Saved entries
[Start of Attachment]
Lemma finField_poly_eq0 (F : finFieldType) (Q : {poly F}) :
  (size Q <= #|F|)%N -> (forall a, Q.[a] = 0) -> Q = 0.
Proof.
move=> le_Q_F Q0; apply: (roots_geq_poly_eq0 (rs := enum F)); rewrite ?enum_uniq //.
  by apply/allP => a _; rewrite /root Q0.
by rewrite -cardE.
Qed.

Section InvariantCoefficients.
Variables (F : finFieldType) (N : nat).
Local Notation R := {mpoly F[2]}.

Lemma QU2inv_mcoeff_bin_eq0 (h : R) (P u w : nat) :
  QU2inv N h -> (0 < P < #|F|)%N -> (P <= w)%N -> (w < N)%N -> (u + P < N)%N ->
  (forall u' w', (w < w')%N -> h@_(u', w') = 0) ->
  h@_(u, w) * 'C(w, P)%:R = 0.
Proof.
move=> inv_h /andP[P_gt0 lt_P_F] le_Pw lt_wN lt_uPN h_above.
pose c l := h@_(u + P - l, w - P + l) * 'C(w - P + l, w - P)%:R.
pose Q := \poly_(l < P.+1) c l.
have QE a : Q.[a] = (U2act a h)@_(u + P, w - P).
  rewrite horner_poly mcoeff_U2act.
  rewrite (@big_ord_widen _ _ _ P.+1 (u + P).+1 (fun l => c l * a ^+ l)) ?ltnS ?leq_addl //.
  rewrite big_mkcond; apply: eq_bigr => l _; case: ltnP => // lt_Pl.
  by rewrite h_above ?mul0r //; lia.
have : Q - (c 0%N)%:P = 0.
  apply: finField_poly_eq0 => [|a].
    rewrite (leq_trans (size_add _ _)) // size_opp size_polyC geq_max.
    by rewrite (leq_trans (size_poly _ _)) //; case: (_ != 0); lia.
  have /inQidealP/(_ (u + P) (w - P)%N lt_uPN) := inv_h a.
  rewrite hornerD hornerN hornerC QE mcoeffB /c subn0 addn0 binn mulr1 => -> //.
  exact: leq_ltn_trans (leq_subr _ _) lt_wN.
move/(f_equal (fun Q : {poly F} => Q`_P)).
rewrite coefB coefC (negbTE (lt0n_neq0 P_gt0)) subr0.
by rewrite coef_poly ltnSn /c addnK subnK // bin_sub // coef0.
Qed.

End InvariantCoefficients.

Section PcharAction.
Variables (F : finFieldType) (p : nat).
Hypothesis pF : p \in [pchar F].
Local Notation R := {mpoly F[2]}.
Local Notation X := (Defs.mX F).
Local Notation Y := (Defs.mY F).
Implicit Types (a : F) (f g h : R) (i j e N : nat).

Lemma pchar_mpoly : p \in [pchar R].
Proof. exact: (rmorph_pchar (mpolyC 2 (R := F))). Qed.

Lemma U2act_Ypow a e :
  U2act a (Y ^+ (p ^ e)) = Y ^+ (p ^ e) + a ^+ (p ^ e) *: X ^+ (p ^ e).
Proof. by rewrite rmorphXn /= U2act_mY exprD_pchar_pow ?pchar_mpoly // exprZn. Qed.

Lemma box_free_U2act e a f : box_free (p ^ e) f -> box_free (p ^ e) (U2act a f).
Proof.
move=> /inQidealP[g [h ->]]; apply/inQidealP.
exists (U2act a g + a ^+ (p ^ e) *: U2act a h), (U2act a h).
rewrite rmorphD !rmorphM /= U2act_Ypow rmorphXn /= U2act_mX -!mul_mpolyC.
by ring.
Qed.

Lemma inQideal_U2act_XY a N i j e : (p ^ e %| j)%N -> (N <= i + p ^ e)%N ->
  inQideal N (U2act a (X ^+ i * Y ^+ j) - X ^+ i * Y ^+ j).
Proof.
move=> /divnK Ej le_N; set P := (p ^ e)%N in Ej le_N *.
rewrite -Ej mulnC !exprM rmorphM /= rmorphXn [U2act a ((Y ^+ P) ^+ _)]rmorphXn /=.
rewrite U2act_mX U2act_Ypow.
rewrite -/P -mulrBr subrXX addrAC subrr add0r; set S := \sum_(_ < _) _.
exists (X ^+ (i + P - N) * (a ^+ P *: S)), 0.
by rewrite mulr0 addr0 [RHS]mulrA -exprD subnKC // exprD -!mul_mpolyC; ring.
Qed.

Section PrimePowerField.
Variable k : nat.
Hypothesis card_F : #|F| = (p ^ k)%N.

Lemma U2act_V2 a : U2act a (V2 F) = V2 F.
Proof.
have X_card : X ^+ #|F| = X * X ^+ #|F|.-1.
  by rewrite -exprS prednK // (ltn_trans _ (finNzRing_gt1 F)).
rewrite /V2 rmorphB rmorphM /= card_F U2act_Ypow -card_F rmorphXn /= expf_card.
by rewrite U2act_mX U2act_mY X_card -!mul_mpolyC; ring.
Qed.

Lemma QU2inv_eq0 N h : QU2inv N h ->
  (forall u w, (N <= u)%N || (N <= w)%N -> h@_(u, w) = 0) ->
  (forall u w, (u < N)%N -> (w < N)%N ->
     (#|F| %| w)%N || (N <= u + p ^ logn p w)%N -> h@_(u, w) = 0) ->
  h = 0.
Proof.
move=> inv_h h_out h_good.
suff h0 d u w : (N <= w + d)%N -> h@_(u, w) = 0.
  by apply/mpolyP => m; rewrite mcoeff0 -(mnm2K m) (h0 N) ?leq_addl.
have pr_p := pcharf_prime pF.
elim: d u w => [|d IH] u w le_N_wd.
  by apply: h_out; rewrite -(addn0 w) le_N_wd orbT.
have [|/norP[]] := boolP ((N <= u) || (N <= w))%N; first exact: h_out.
rewrite -!ltnNge => lt_uN lt_wN.
have [|/norP[not_qw]] := boolP ((#|F| %| w) || (N <= u + p ^ logn p w))%N.
  exact: h_good.
rewrite -ltnNge => lt_uPN.
have w_gt0 : (0 < w)%N by rewrite lt0n; apply: contraNneq not_qw => ->.
have lt_P_F : (0 < p ^ logn p w < #|F|)%N.
  rewrite expn_gt0 prime_gt0 // card_F ltn_exp2l ?prime_gt1 // ltnNge.
  by apply: contra not_qw; rewrite card_F pfactor_dvdn.
have h_above u' w' : (w < w')%N -> h@_(u', w') = 0 by move=> ?; apply: IH; lia.
have /eqP := QU2inv_mcoeff_bin_eq0 inv_h lt_P_F (dvdn_leq w_gt0 (pfactor_dvdnn p w))
  lt_wN lt_uPN h_above.
by rewrite mulf_eq0 (negbTE (bin_pfactor_logn_pchar pF w_gt0)) orbF => /eqP.
Qed.

End PrimePowerField.

End PcharAction.

Section V2Powers.
Variable F : finFieldType.
Local Notation q := #|F|.
Local Notation X := (Defs.mX F).
Implicit Types (i b u w : nat).

Lemma V2_mnm2 : V2 F = 'X_[mnm2 0 q] - 'X_[mnm2 q.-1 1].
Proof. by rewrite /V2 -!mXY_mnm2 mul1r mulrC expr1. Qed.

Lemma mcoeff_V2pow b u w : (q * b <= w)%N ->
  (V2 F ^+ b)@_(u, w) = ((u == 0) && (w == q * b))%N%:R.
Proof.
have q_gt1 := finNzRing_gt1 F.
elim: b u w => [|b IH] u w le_w.
  rewrite expr0 -(mulr1 1) -{1}(expr0 X) mXn_mnm2 mulr1 mcoeffX2.
  by rewrite muln0 !(eq_sym 0%N).
rewrite exprS {1}V2_mnm2 mulrBl mcoeffB !mcoeffXM2 leq0n /=.
set q := #|F| in q_gt1 IH le_w *; rewrite mulnS in le_w *.
rewrite ifT; last by lia.
rewrite IH; last by lia.
have -> : ((u - 0 == 0) && (w - q == q * b) = (u == 0) && (w == q + q * b))%N.
  by apply/idP/idP; lia.
case: ifP => _; last by rewrite subr0.
rewrite IH; last by lia.
by rewrite (_ : (u - q.-1 == 0) && (w - 1 == q * b) = false)%N ?subr0 //; lia.
Qed.

Lemma mcoeff_XV2pow i b u w : (q * b <= w)%N ->
  (X ^+ i * V2 F ^+ b)@_(u, w) = ((u == i) && (w == q * b))%N%:R.
Proof.
move=> le_w; rewrite mXn_mnm2 mcoeffXM2 leq0n andbT subn0.
case: leqP => [le_iu | lt_ui]; last by rewrite (_ : (u == i) = false) //; lia.
by rewrite mcoeff_V2pow // (_ : (u - i == 0) = (u == i))%N //; lia.
Qed.

End V2Powers.

Lemma QU2invB (F : finFieldType) N (f g : {mpoly F[2]}) :
  QU2inv N f -> QU2inv N g -> QU2inv N (f - g).
Proof.
move=> inv_f inv_g a; apply/inQidealP.
have -> : U2act a (f - g) - (f - g) = (U2act a f - f) - (U2act a g - g).
  by rewrite rmorphB /=; ring.
by apply: box_freeB; apply/inQidealP.
Qed.

Section Basis.
Variables (F : finFieldType) (p k m : nat).
Hypotheses (pr_p : prime p) (card_F : #|F| = (p ^ k)%N) (m_gt0 : (0 < m)%N).
Local Notation q := #|F|.
Local Notation N := (q ^ m)%N.
Local Notation M := (q ^ m.-1)%N.
Local Notation R := {mpoly F[2]}.
Local Notation X := (Defs.mX F).
Local Notation Y := (Defs.mY F).
Local Notation Idx := (famIdx N M).
Local Notation inFam := (@famPred q p N M).
Local Notation fam := (@famPoly F N M).

Let pF : p \in [pchar F] := card_finPcharP card_F pr_p.
Let q_gt0 : (0 < q)%N := ltnW (finNzRing_gt1 F).

Lemma box_size_mul : N = (q * M)%N.
Proof. by rewrite -expnS prednK. Qed.

Lemma qmul_lt_box b : (b < M)%N -> (q * b < N)%N.
Proof. by rewrite box_size_mul ltn_pmul2l. Qed.

Lemma box_size_pexp : N = (p ^ (k * m))%N.
Proof. by rewrite card_F -expnM. Qed.

Lemma QU2inv_fam t : inFam t -> QU2inv N (fam t).
Proof.
case: t => [[i j] /andP[_ le_N] a | [i b] _ a] /=.
  exact: inQideal_U2act_XY pF a N i j _ (pfactor_dvdnn p j) le_N.
rewrite rmorphM !rmorphXn /= U2act_mX (U2act_V2 pF card_F) subrr.
by apply/inQidealP; apply: box_free0.
Qed.

Definition famComb (c : Idx -> F) : R := \sum_(t | inFam t) c t *: fam t.

Lemma famCombD c1 c2 : famComb (fun t => c1 t + c2 t) = famComb c1 + famComb c2.
Proof. by rewrite -big_split; apply: eq_bigr => t _; rewrite scalerDl. Qed.

Lemma QU2inv_famComb c : QU2inv N (famComb c).
Proof.
move=> a; apply/inQidealP; rewrite linear_sum -sumrB; apply: box_free_sum => t fam_t.
by rewrite linearZ -scalerBr; apply/box_freeZ/inQidealP/QU2inv_fam.
Qed.

Lemma mcoeff_famComb c u w :
  (famComb c)@_(u, w) =
    \sum_(ij : 'I_N * 'I_N | inFam (inl ij))
        c (inl ij) * (X ^+ ij.1 * Y ^+ ij.2)@_(u, w)
  + \sum_(ab : 'I_N * 'I_M) c (inr ab) * (X ^+ ab.1 * V2 F ^+ ab.2)@_(u, w).
Proof.
rewrite raddf_sum big_sumType /=.
by congr (_ + _); apply: eq_bigr => t _; rewrite mcoeffZ.
Qed.

Lemma mcoeff_famComb_XV c (ab : 'I_N * 'I_M) :
  (forall ab' : 'I_N * 'I_M, (ab.2 < ab'.2)%N -> c (inr ab') = 0) ->
  (famComb c)@_(ab.1, q * ab.2) = c (inr ab).
Proof.
case: ab => u b /= c_above.
rewrite mcoeff_famComb big1 ?add0r => [|[i j] /andP[not_qj _]]; last first.
  have /negbTE ne_j : j != q * b :> nat.
    by apply: contraNneq not_qj => ->; apply: dvdn_mulr.
  by rewrite mXY_mnm2 mcoeffX2 ne_j andbF mulr0.
rewrite (bigD1 (u, b)) //= mcoeff_XV2pow // !eqxx mulr1 big1 ?addr0 //.
move=> -[i b'] /= ne_ub.
have [lt_b | le_b] := ltnP b b'; first by rewrite c_above ?mul0r.
rewrite mcoeff_XV2pow ?leq_mul2l ?le_b ?orbT //.
have [Ei | _] := eqVneq (u : nat) i; last by rewrite mulr0.
have [Eb | _] := eqVneq (q * b)%N (q * b')%N; last by rewrite andbF mulr0.
case/eqP: ne_ub; congr (_, _); apply/val_inj => //=.
by apply/eqP; rewrite -(eqn_pmul2l q_gt0) Eb.
Qed.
[End of Attachment]
-- What is needed --
The lines in the entries above that carry the word "Variables" must be copied.

-- Answer --
Variables (F : finFieldType) (N : nat).
Variables (F : finFieldType) (p : nat).
Variables (F : finFieldType) (p k m : nat).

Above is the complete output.